(* Let $n\ge 2$ and let $\dot{\mathbf x}=\mathbf f(\sigma,\mathbf x)$ be a multistable regulatory system (MSRS) as defined in the context, with $f_k(\sigma,\mathbf x)=-l(x_k)+\sigma\frac{g(x_k)}{P(x_1,\dots,x_n)+h(x_k)}$; fix $\sigma>0$. Let $\mathbf r=(q,\dots,q)\in\mathbb R_{>0}^n$ be an equilibrium (a diagonal equilibrium). Put $D_n(\mathbf x)=-\frac{P(\mathbf x)+h(x_n)}{l(x_n)}$, $$\tau=\frac{\partial f_n}{\partial x_n}(\mathbf r),\qquad \xi=\frac{\frac{\partial P}{\partial x_{n-1}}(\mathbf r)}{D_n(\mathbf r)},\qquad G_1=\tau-\xi,\qquad G_2=\tau+(n-1)\xi .$$ Then $\det\left(\lambda I-J_{\mathbf f}(\mathbf r)\right)=(\lambda-G_1)^{n-1}(\lambda-G_2)$, where $J_{\mathbf f}=\left[\frac{\partial f_i}{\partial x_j}\right]_{i,j=1}^n$ is the Jacobian matrix with respect to $\mathbf x$.
   Context: A system of ODEs $\frac{dx_k}{dt}=f_k(\sigma,x_1,\dots,x_n)$, $k=1,\dots,n$, is called a multistable regulatory system (MSRS) if $f_k(\sigma,x_1,\dots,x_n)=-l(x_k)+\sigma\frac{g(x_k)}{P(x_1,\dots,x_n)+h(x_k)}$, where $l,g,h$ are real functions of one real variable and $P$ is a real function of $n$ real variables (all differentiable), and: (1) $\sigma$ is a positive parameter; (2) $P$ is symmetric, i.e. unchanged under interchanging any two of its arguments; (3) for every $k$ and every $(x_1,\dots,x_n)\in\mathbb R_{>0}^n$, $P(x_1,\dots,x_n)+h(x_k)>0$; (4) $l(z)\neq 0$ and for every $\sigma>0$ the function $z\mapsto \sigma\frac{g(z)}{l(z)}-h(z)$ has at most one extreme point for $z\in\mathbb R_{>0}$. For a given $\sigma$, a point $\mathbf r\in\mathbb R_{>0}^n$ is an equilibrium if $f_1(\sigma,\mathbf r)=\dots=f_n(\sigma,\mathbf r)=0$. *)

From HB Require Import structures.
From mathcomp Require Import all_boot all_order all_algebra.
From mathcomp Require Import all_classical all_reals all_analysis.
From mathcomp Require Import perm.
Set Implicit Arguments. Unset Strict Implicit. Unset Printing Implicit Defensive.
Import Order.TTheory GRing.Theory Num.Theory.
Import numFieldNormedType.Exports.
Local Open Scope ring_scope.

(* Points of R^n are row vectors 'rV[R]_n; coordinate k of x is x 0 k. *)

Definition partial (R : realType) (n : nat) (F : 'rV[R]_n -> R) (j : 'I_n)
  (x : 'rV[R]_n) : R := 'D_(delta_mx 0 j) F x.

Definition msrs_f (R : realType) (n : nat) (l g h : R -> R) (P : 'rV[R]_n -> R)
  (sigma : R) (k : 'I_n) (x : 'rV[R]_n) : R :=
  - l (x 0 k) + sigma * (g (x 0 k) / (P x + h (x 0 k))).

Definition msrs_jacobian (R : realType) (n : nat) (l g h : R -> R)
  (P : 'rV[R]_n -> R) (sigma : R) (x : 'rV[R]_n) : 'M[R]_n :=
  \matrix_(i, j) partial (msrs_f l g h P sigma i) j x.

Definition symmetric_fun (R : realType) (n : nat) (P : 'rV[R]_n -> R) : Prop :=
  forall (i j : 'I_n) (x : 'rV[R]_n), P (col_perm (tperm i j) x) = P x.

Definition extreme_point_pos (R : realType) (F : R -> R) (z : R) : Prop :=
  0 < z /\ exists e : R, 0 < e /\
    ((forall y, 0 < y -> `|y - z| < e -> F y <= F z) \/
     (forall y, 0 < y -> `|y - z| < e -> F z <= F y)).

Definition at_most_one_extreme_point (R : realType) (F : R -> R) : Prop :=
  forall z1 z2, extreme_point_pos F z1 -> extreme_point_pos F z2 -> z1 = z2.

Definition is_MSRS (R : realType) (n : nat) (l g h : R -> R)
  (P : 'rV[R]_n -> R) (sigma : R) : Prop :=
  [/\ (forall z : R, differentiable l z),
      (forall z : R, differentiable g z),
      (forall z : R, differentiable h z),
      (forall x : 'rV[R]_n, differentiable P x) &
   [/\ 0 < sigma,
       symmetric_fun P,
       (forall (k : 'I_n) (x : 'rV[R]_n), (forall i, 0 < x 0 i) ->
          0 < P x + h (x 0 k)),
       (forall z : R, 0 < z -> l z != 0) &
       (forall s : R, 0 < s ->
          at_most_one_extreme_point (fun z => s * (g z / l z) - h z))]].

Definition msrs_equilibrium (R : realType) (n : nat) (l g h : R -> R)
  (P : 'rV[R]_n -> R) (sigma : R) (r : 'rV[R]_n) : Prop :=
  (forall i, 0 < r 0 i) /\ forall k, msrs_f l g h P sigma k r = 0.

From HB Require Import structures.
From mathcomp Require Import all_boot all_order all_algebra.
From mathcomp Require Import all_classical all_reals all_analysis.
From mathcomp Require Import perm ring.
Import Order.TTheory GRing.Theory Num.Theory.
Import numFieldNormedType.Exports.
Local Open Scope ring_scope.

(* By the symmetry of P, the restrictions of P to the coordinate axes through a
   diagonal point r all coincide, so every diagonal entry of the Jacobian at r
   equals tau and every off-diagonal entry equals the same number; at an
   equilibrium, sigma g(q) = l(q) (P(r) + h(q)) turns the latter into xi.  A
   matrix with constant diagonal d and constant off-diagonal e has determinant
   (d - e)^(n-1) (d + (n-1) e): adding all columns to the first and then
   subtracting the first row from the others makes it triangular. *)

Section DetDiagOffdiag.
Variables (S : comNzRingType) (n : nat).

Definition colsum0_mx : 'M[S]_n.+1 := \matrix_(i, j) ((j == 0) || (i == j))%:R.

Definition subrow0_mx : 'M[S]_n.+1 :=
  \matrix_(i, j) ((i == j)%:R - ((i != 0) && (j == 0))%:R).

Lemma det_colsum0_mx : \det colsum0_mx = 1.
Proof.
rewrite det_trig ?big1 // => [i _|]; first by rewrite mxE eqxx orbT.
apply/forallP => i; apply/forallP => j; apply/implyP => lt_ij.
have /negbTE ne_ij : i != j by rewrite -(inj_eq val_inj) neq_ltn lt_ij.
by rewrite mxE ne_ij orbF; case: (j =P 0) lt_ij => [-> //|].
Qed.

Lemma det_subrow0_mx : \det subrow0_mx = 1.
Proof.
rewrite det_trig ?big1 // => [i _|]; first by rewrite mxE eqxx andNb subr0.
apply/forallP => i; apply/forallP => j; apply/implyP => lt_ij.
have /negbTE ne_ij : i != j by rewrite -(inj_eq val_inj) neq_ltn lt_ij.
by rewrite mxE ne_ij sub0r; case: (j =P 0) lt_ij => [-> //|_ _]; rewrite andbF oppr0.
Qed.

Lemma mulmx_colsum0 (A : 'M[S]_n.+1) i j :
  (A *m colsum0_mx) i j = if j == 0 then \sum_k A i k else A i j.
Proof.
rewrite mxE; case: eqP => [->|/eqP nz_j].
  by apply: eq_bigr => k _; rewrite mxE eqxx mulr1.
rewrite (bigD1 j) //= big1 => [|k /negbTE ne_kj]; last first.
  by rewrite mxE (negbTE nz_j) ne_kj mulr0.
by rewrite mxE (negbTE nz_j) eqxx mulr1 addr0.
Qed.

Lemma mulmx_subrow0 (A : 'M[S]_n.+1) i j :
  (subrow0_mx *m A) i j = A i j - (i != 0)%:R * A 0 j.
Proof.
rewrite mxE (eq_bigr (fun k => (i == k)%:R * A k j
                     - ((i != 0) && (k == 0))%:R * A k j)); last first.
  by move=> k _; rewrite mxE mulrBl.
rewrite sumrB (bigD1 i) //= eqxx mul1r big1 ?addr0 => [|k /negbTE ne_ki]; last first.
  by rewrite eq_sym ne_ki mul0r.
rewrite (bigD1 0) //= eqxx andbT big1 ?addr0 // => k /negbTE nz_k.
by rewrite nz_k andbF mul0r.
Qed.

Lemma det_diag_offdiag (d e : S) :
  \det (\matrix_(i, j) (if i == j then d else e) : 'M[S]_n.+1)
    = (d - e) ^+ n * (d + e *+ n).
Proof.
set A := \matrix_(i, j) _.
have rowsumA i : \sum_k A i k = d + e *+ n.
  rewrite (bigD1 i) //= mxE eqxx (eq_bigr (fun=> e)) ?sumr_const ?cardC1 ?card_ord //.
  by move=> k /negbTE ne_ki; rewrite mxE eq_sym ne_ki.
set T := subrow0_mx *m (A *m colsum0_mx).
have -> : \det A = \det T by rewrite !det_mulmx det_colsum0_mx det_subrow0_mx mul1r mulr1.
have TE i j : T i j = if j == 0 then (i == 0)%:R * (d + e *+ n)
                      else if i == 0 then e else (i == j)%:R * (d - e).
  rewrite mulmx_subrow0 !mulmx_colsum0 !rowsumA.
  have [-> | nz_i] := eqVneq i 0; rewrite ?eqxx ?(negbTE nz_i) /= ?mul0r ?mul1r ?subr0.
    by case: eqP => // /eqP nz_j; rewrite mxE [0 == j]eq_sym (negbTE nz_j).
  case: eqP => [_|/eqP nz_j]; first by rewrite subrr.
  by rewrite !mxE [0 == j]eq_sym (negbTE nz_j); case: eqP; rewrite ?mul1r ?mul0r ?subrr.
rewrite -det_tr det_trig; last first.
  apply/forallP => i; apply/forallP => j; apply/implyP => lt_ij.
  have /negbTE ne_ji : j != i by rewrite -(inj_eq val_inj) neq_ltn lt_ij orbT.
  have /negbTE nz_j : j != 0 by rewrite -(inj_eq val_inj) -lt0n (leq_ltn_trans _ lt_ij).
  by rewrite mxE TE nz_j ne_ji !mul0r if_same.
rewrite big_ord_recl mulrC mxE TE eqxx mul1r; congr (_ * _).
rewrite (eq_bigr (fun=> d - e)) ?prodr_const ?card_ord // => i _.
by rewrite mxE TE eqxx mul1r.
Qed.

End DetDiagOffdiag.

Lemma char_poly_diag_offdiag (S : comNzRingType) n (d e : S) :
  char_poly (\matrix_(i, j) (if i == j then d else e) : 'M[S]_n.+1)
    = ('X - (d - e)%:P) ^+ n * ('X - (d + e *+ n)%:P).
Proof.
rewrite /char_poly.
have -> : char_poly_mx (\matrix_(i, j) (if i == j then d else e) : 'M[S]_n.+1)
    = \matrix_(i, j) (if i == j then 'X - d%:P else - e%:P).
  by apply/matrixP => i j; rewrite !mxE; case: eqP; rewrite ?mulr1n ?mulr0n ?sub0r.
rewrite det_diag_offdiag polyCB polyCD polyCMn.
congr (_ ^+ _ * _); first by rewrite opprK opprB addrA addrAC.
by rewrite mulNrn opprD addrA.
Qed.

Lemma derive_line (R : realType) n (F : 'rV[R]_n -> R) (x v : 'rV[R]_n) :
  'D_v F x = 'D_1 (fun t : R => F (t *: v + x)) 0.
Proof.
rewrite /derive; congr lim; f_equal; apply/funext => t /=.
by rewrite scale0r add0r addr0 -[t%:A]/(t * 1) mulr1.
Qed.

Lemma derivable_line (R : realType) n (F : 'rV[R]_n -> R) (x v : 'rV[R]_n) :
  derivable F x v -> derivable (fun t : R => F (t *: v + x)) 0 1.
Proof.
rewrite /derivable; congr (cvg _); f_equal; apply/funext => t /=;
  by rewrite scale0r add0r addr0 -[t%:A]/(t * 1) mulr1.
Qed.

Lemma symmetric_fun_axis {R : realType} {n} {F : 'rV[R]_n -> R} i j (c t : R) :
  symmetric_fun F ->
  F (t *: delta_mx 0 i + const_mx c) = F (t *: delta_mx 0 j + const_mx c).
Proof.
move=> symF; rewrite -(symF i j); congr F; apply/matrixP => a b; rewrite !mxE.
have -> : (tperm i j b == i) = (b == j).
  apply/eqP/eqP => [tb_i|->]; last exact: tpermR.
  by rewrite -(tpermK i j b) tb_i tpermL.
by [].
Qed.

Lemma partial_symmetric_const {R : realType} {n} {F : 'rV[R]_n -> R} (c : R) i j :
  symmetric_fun F -> partial F i (const_mx c) = partial F j (const_mx c).
Proof.
move=> symF; rewrite /partial !derive_line.
by under eq_fun do rewrite (symmetric_fun_axis i j _ _ symF).
Qed.

Section MSRSPartials.
Variables (R : realType) (n : nat) (l g h : R -> R) (P : 'rV[R]_n -> R).
Variables (sigma q : R).
Local Notation f := (msrs_f l g h P sigma).
Local Notation r := (const_mx q : 'rV[R]_n).

Lemma msrs_f_axis i j t :
  let x := t * (i == j)%:R + q in
  f i (t *: delta_mx 0 j + r) = - l x + sigma * (g x / (P (t *: delta_mx 0 j + r) + h x)).
Proof. by rewrite /msrs_f !mxE eqxx. Qed.

Lemma partial_msrs_f_diag i j :
  symmetric_fun P -> partial (f i) i r = partial (f j) j r.
Proof.
move=> symP; rewrite /partial !derive_line.
suff -> : (fun t => f i (t *: delta_mx 0 i + r)) = (fun t => f j (t *: delta_mx 0 j + r)) by [].
by apply/funext => t; rewrite !msrs_f_axis !eqxx (symmetric_fun_axis i j _ _ symP).
Qed.

Lemma partial_msrs_f_offdiag i j :
  differentiable P r -> P r + h q != 0 -> i != j ->
  partial (f i) j r = - (sigma * (g q / (P r + h q))) / (P r + h q) * partial P j r.
Proof.
move=> dP den_neq0 /negbTE ne_ij.
pose phi t := P (t *: delta_mx 0 j + r).
have phi0 : phi 0 = P r by rewrite /phi scale0r add0r.
have dphi : is_derive (0 : R) (1 : R) phi (partial P j r).
  rewrite /partial derive_line; apply: derivableP.
  by apply: derivable_line; exact: diff_derivable.
have dden : is_derive (0 : R) (1 : R) (fun t => phi t + h q) (partial P j r).
  by rewrite -[partial P j r]addr0; apply: is_deriveD.
have den0_neq0 : phi 0 + h q != 0 by rewrite phi0.
have dline := is_deriveD (is_derive_cst (- l q) (0 : R) (1 : R))
  (is_deriveZ (sigma * g q) (@is_deriveV _ (fun t => phi t + h q) _ _ _ den0_neq0 dden)).
rewrite {1}/partial derive_line.
under eq_fun do rewrite msrs_f_axis ne_ij mulr0 add0r mulrA.
rewrite (@derive_val _ _ _ _ _ _ _ dline) add0r phi0.
change ((sigma * g q) * (- (P r + h q) ^- 2 * partial P j r) =
        - (sigma * (g q / (P r + h q))) / (P r + h q) * partial P j r).
by field.
Qed.

End MSRSPartials.

(* n = m.+2 (i.e. n >= 2); x_n is coordinate ord_max, x_{n-1} is inord m. *)
Theorem theorem3 (R : realType) (m : nat) (l g h : R -> R)
  (P : 'rV[R]_(m.+2) -> R) (sigma q : R) :
  is_MSRS l g h P sigma ->
  0 < q ->
  msrs_equilibrium l g h P sigma (const_mx q) ->
  let r : 'rV[R]_(m.+2) := const_mx q in
  let Dn := - (P r + h q) / l q in
  let tau := partial (msrs_f l g h P sigma ord_max) ord_max r in
  let xi := partial P (inord m) r / Dn in
  let G1 := tau - xi in
  let G2 := tau + m.+1%:R * xi in
  char_poly (msrs_jacobian l g h P sigma r)
    = ('X - G1%:P) ^+ m.+1 * ('X - G2%:P).
Proof.
move=> [_ _ _ dP [_ symP den_gt0 l_neq0 _]] _ [r_gt0 eq_r] r Dn tau xi G1 G2.
have rE a : r 0 a = q by rewrite mxE.
have den_neq0 : P r + h q != 0 by rewrite -(rE ord_max) gt_eqF ?den_gt0.
have lq_neq0 : l q != 0 by rewrite l_neq0 // -(rE ord_max).
have equil : sigma * (g q / (P r + h q)) = l q.
  by apply/eqP; rewrite -subr_eq0 -(eq_r ord_max) /msrs_f rE addrC.
have -> : msrs_jacobian l g h P sigma r = \matrix_(i, j) (if i == j then tau else xi).
  apply/matrixP => i j; rewrite !mxE; have [<-|ne_ij] := eqVneq i j.
    exact: partial_msrs_f_diag.
  rewrite partial_msrs_f_offdiag // equil (partial_symmetric_const q j (inord m) symP).
  by rewrite /xi /Dn; field; rewrite lq_neq0 den_neq0.
by rewrite char_poly_diag_offdiag /G1 /G2 mulr_natl.
Qed.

★ ★ ★ ★ ★

:: Task to carry out ::
Look through the data above and return exactly the lines from the one that contains "move=> dP den_neq0 /negbTE ne_ij." to the one that contains "have den0_neq0 : phi", inclusive, with nothing else.

:: Result below ::
move=> dP den_neq0 /negbTE ne_ij.
pose phi t := P (t *: delta_mx 0 j + r).
have phi0 : phi 0 = P r by rewrite /phi scale0r add0r.
have dphi : is_derive (0 : R) (1 : R) phi (partial P j r).
  rewrite /partial derive_line; apply: derivableP.
  by apply: derivable_line; exact: diff_derivable.
have dden : is_derive (0 : R) (1 : R) (fun t => phi t + h q) (partial P j r).
  by rewrite -[partial P j r]addr0; apply: is_deriveD.
have den0_neq0 : phi 0 + h q != 0 by rewrite phi0.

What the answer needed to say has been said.